The present disclosure discloses a burning tool of a tire pressure sensor includes a carrier having at least one USB connector, an IC module and a transmission port. The USB connector is capable of externally matching a tire pressure sensor. The IC module includes a memory unit and a processing unit. The memory unit stores at least one communication protocol relative to a vehicle model. The processing unit is electrically connected to the memory unit and the USB connector, while the USB connector is in connection with the tire pressure sensor, the processing unit reads the communication protocol stored in the memory unit, and thereafter burns it into the tire pressure sensor. The transmission port is electrically connected with the IC module and capable of connecting with an external device, thus the IC module is controllable by the external device to burn the communication protocol aforesaid.

Description

RELATED APPLICATIONS

[0001] This application claims priority to Taiwan Application Serial Number 108127406, filed Aug. 1, 2019,which is herein incorporated by reference.

BACKGROUND

Technical Field

[0002] The present disclosure relates to a burning tool, and in particular to a burning tool of a tire pressure sensor which utilizes USB connectors to burn a communication protocol into several tire pressure sensors concurrently.

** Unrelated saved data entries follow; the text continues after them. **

Lemma tail_integral_lower : exists2 C1, 0 < C1 & forall z, 0 <= z ->
  ((C1 * expR (- (k * z)))%:E <= tail_integral Phi alpha z)%E.
Proof.
have [p [C box]] := chamber_box dual rhoE i0; rewrite -k_eq in box.
exists (expR (- C) * 2 ^+ n); first by rewrite mulr_gt0 ?expR_gt0 ?exprn_gt0.
move=> z z_ge0; pose I m : set R := `[p z 0 m - 1, p z 0 m + 1]%classic.
have indic_ge0 m y : 0 <= \1_(I m) y :> R by rewrite indicE; case: (_ \in _).
have -> : (expR (- C) * 2 ^+ n * expR (- (k * z)))%:E = iter_integral (fun x : 'rV[R]_n =>
    (expR (- (k * z + C)) * \prod_(m < n) \1_(I m) (x ord0 m))%:E).
  rewrite (@iter_integral_prod R n _ (fun m => \1_(I m)) (fun=> 2)) ?expR_ge0 //.
  - by rewrite prodr_const card_ord opprD expRD; congr EFin; ring.
  - by move=> m; apply: measurable_indic; exact: measurable_itv.
  - by move=> m; rewrite integral_indic_itv; [congr EFin; ring | lra].
rewrite tail_integralE; apply: ge0_le_iter_integral => x.
  by rewrite lee_fin mulr_ge0 ?expR_ge0 // prodr_ge0.
have [/forallP near|] := boolP [forall m, `|x 0 m - p z 0 m| <= 1].
  have [|x_in z_le rho_le] := box z (x - p z) z_ge0.
    by move=> m; rewrite !mxE; exact: near.
  rewrite addrC subrK in x_in z_le rho_le.
  rewrite big1 => [|m _]; last first.
    rewrite indicE mem_set //= /I /= in_itv /=; have := near m; rewrite ler_norml.
    by case/andP => ? ?; apply/andP; split; lra.
  by rewrite mulr1 /tail_integrand asboolT // lee_fin ler_expR; lra.
rewrite negb_forall => /existsP[m far].
rewrite (bigD1 m) //= indicE memNset ?mul0r ?mulr0 ?tail_integrand_ge0 // /I /= in_itv /=.
by move=> /andP[? ?]; move: far; rewrite ler_norml; apply/negP/negPn/andP; split; lra.
Qed.

Let c := k * (1 - omega_cos omega) / 5 / n%:R.

Let c_gt0 : 0 < c.
Proof.
by rewrite !divr_gt0 ?mulr_gt0 ?k_gt0 ?ltr0n // subr_gt0 (omega_cos_lt1 dual).
Qed.

Lemma tail_integrand_le z x : (integrand z x <= (\sum_(i < n) expR (- (k * z)) *
    \prod_(m < n) expR (- (c * `|x ord0 m - z * omega_dir omega i 0 m|)))%:E)%E.
Proof.
have term_ge0 i : 0 <= expR (- (k * z)) *
    \prod_(m < n) expR (- (c * `|x ord0 m - z * omega_dir omega i 0 m|)).
  by rewrite mulr_ge0 ?expR_ge0 // prodr_ge0 // => m _; exact: expR_ge0.
rewrite /tail_integrand; case: asboolP => [[x_in z_le]|_]; last by rewrite lee_fin sumr_ge0.
have [i excess] := rho_excess dual rhoE n_gt0 (ltW k_gt0) k_le x_in z_le.
rewrite lee_fin (bigD1 i) //=; apply: ler_wpDr; first exact: sumr_ge0.
rewrite -expR_sum -expRD ler_expR sumrN -mulr_sumr.
have l1E : \sum_(m < n) `|x ord0 m - z * omega_dir omega i 0 m|
    = l1_norm (x - z *: omega_dir omega i).
  by apply: eq_bigr => m _; rewrite !mxE.
have c_n : c * n%:R = k * (1 - omega_cos omega) / 5 by rewrite /c divfK // pnatr_eq0 -lt0n.
have := ler_wpM2l (ltW c_gt0) (l1_norm_le_eucl_norm (x - z *: omega_dir omega i)).
by rewrite l1E mulrA c_n; lra.
Qed.

Lemma tail_integral_upper : exists2 C2, 0 < C2 & forall z,
  (tail_integral Phi alpha z <= (C2 * expR (- (k * z)))%:E)%E.
Proof.
exists (n%:R * (2 / c) ^+ n).
  by rewrite mulr_gt0 ?ltr0n // exprn_gt0 // divr_gt0 // c_gt0.
move=> z; rewrite tail_integralE.
apply: le_trans (ge0_le_iter_integral (@tail_integrand_ge0 z) (tail_integrand_le z)) _.
rewrite (@iter_integral_sum_prod R n n _
  (fun i m y => expR (- (c * `|y - z * omega_dir omega i 0 m|))) (fun _ _ => 2 / c)) ?expR_ge0 //.
- by rewrite lee_fin prodr_const card_ord sumr_const card_ord -mulrnAr mulrC -mulr_natl.
- by move=> i m; apply: continuous_measurable_fun; exact: continuous_expR_abs.
- by move=> i m; exact: integral_expR_abs.
Qed.

End tail_integral_bounds.

Theorem lemma5p6 (R : realType) (n : nat) (Phi : seq 'rV[R]_n)
  (alpha : 'I_n -> 'rV[R]_n) (omega : 'I_n -> 'rV[R]_n) (kk : 'I_n -> R) (k : R) :
  (0 < n)%N ->
  is_root_system Phi ->
  is_base Phi alpha ->
  (forall i j, dotv (alpha i) (omega j) = (i == j)%:R) ->
  rho_sum Phi alpha = \sum_(i < n) kk i *: alpha i ->
  (forall i, k <= kk i / eucl_norm (omega i)) ->
  (exists i, k = kk i / eucl_norm (omega i)) ->
  exists C1 C2 : R, 0 < C1 /\ 0 < C2 /\
    forall z : R, 0 < z ->
      ((C1 * expR (- (k * z)))%:E <= tail_integral Phi alpha z)%E /\
      (tail_integral Phi alpha z <= (C2 * expR (- (k * z)))%:E)%E.
Proof.
move=> n_gt0 _ base dual rhoE k_le [i0 k_eq].
have [C1 C1_gt0 lower] := tail_integral_lower dual rhoE k_eq.
have [C2 C2_gt0 upper] := tail_integral_upper n_gt0 base dual rhoE k_le k_eq.
exists C1, C2; do 2!split=> //; move=> z z_gt0.
by split; [exact: lower (ltW z_gt0) | exact: upper].
Qed.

Description of Related Art

[0003] The tire pressure sensors are applied for measurements of a tire like pressure and temperature, etc., and nowadays have been standard equipment in vehicles. Based on the reason of product lifetime, a tire pressure sensor must be replaced with a new one after a period of use. The tire pressure sensor is applicable to different models of vehicles, but in order to make it work normally, the communication protocol dedicated to these models of vehicles must be burned into the tire pressure sensor in advance.

[0004] In response to the mentioned requirement, a burning tool that can support the communication protocols of various car manufacturers is launched on the market. The existing burning tool burns tire pressure sensors one by one, precisely, the burning tool approaches and burns the tire pressure sensor with wireless induction or wired connection, and then repeat the above process for the next tire pressure sensor. However, for manufacturers which sell tire pressure sensors in large quantities, such a burning method is very labor-intensive and time-consuming.

[0005] In addition, in the case of burning many tire pressure sensors, it is difficult to prevent the wireless interference caused by these tire pressure sensors interacting with each other. This problem makes maintenance technicians need to isolate other tire pressure sensors during the burning process, so it is more troublesome in operation.

SUMMARY

[0006] According to one aspect of the present disclosure, a burning tool of a tire pressure sensor includes a carrier having at least one USB connector, a power supply module, an IC module and a transmission port. The USB connector is capable of externally matching a tire pressure sensor. The power supply module is disposed in the carrier. The IC module is connected to the power supply module to obtain power and includes a memory unit, a communication unit and a processing unit. The memory unit stores at least one communication protocol relative to a vehicle model. The communication unit is capable of externally receiving the communication protocol and storing it into the memory unit. The processing unit is electrically connected to the memory unit, the communication unit and the USB connector, while the USB connector is in connection with the tire pressure sensor, the processing unit reads the communication protocol stored in the memory unit or the communication unit, and thereafter burns it into the tire pressure sensor.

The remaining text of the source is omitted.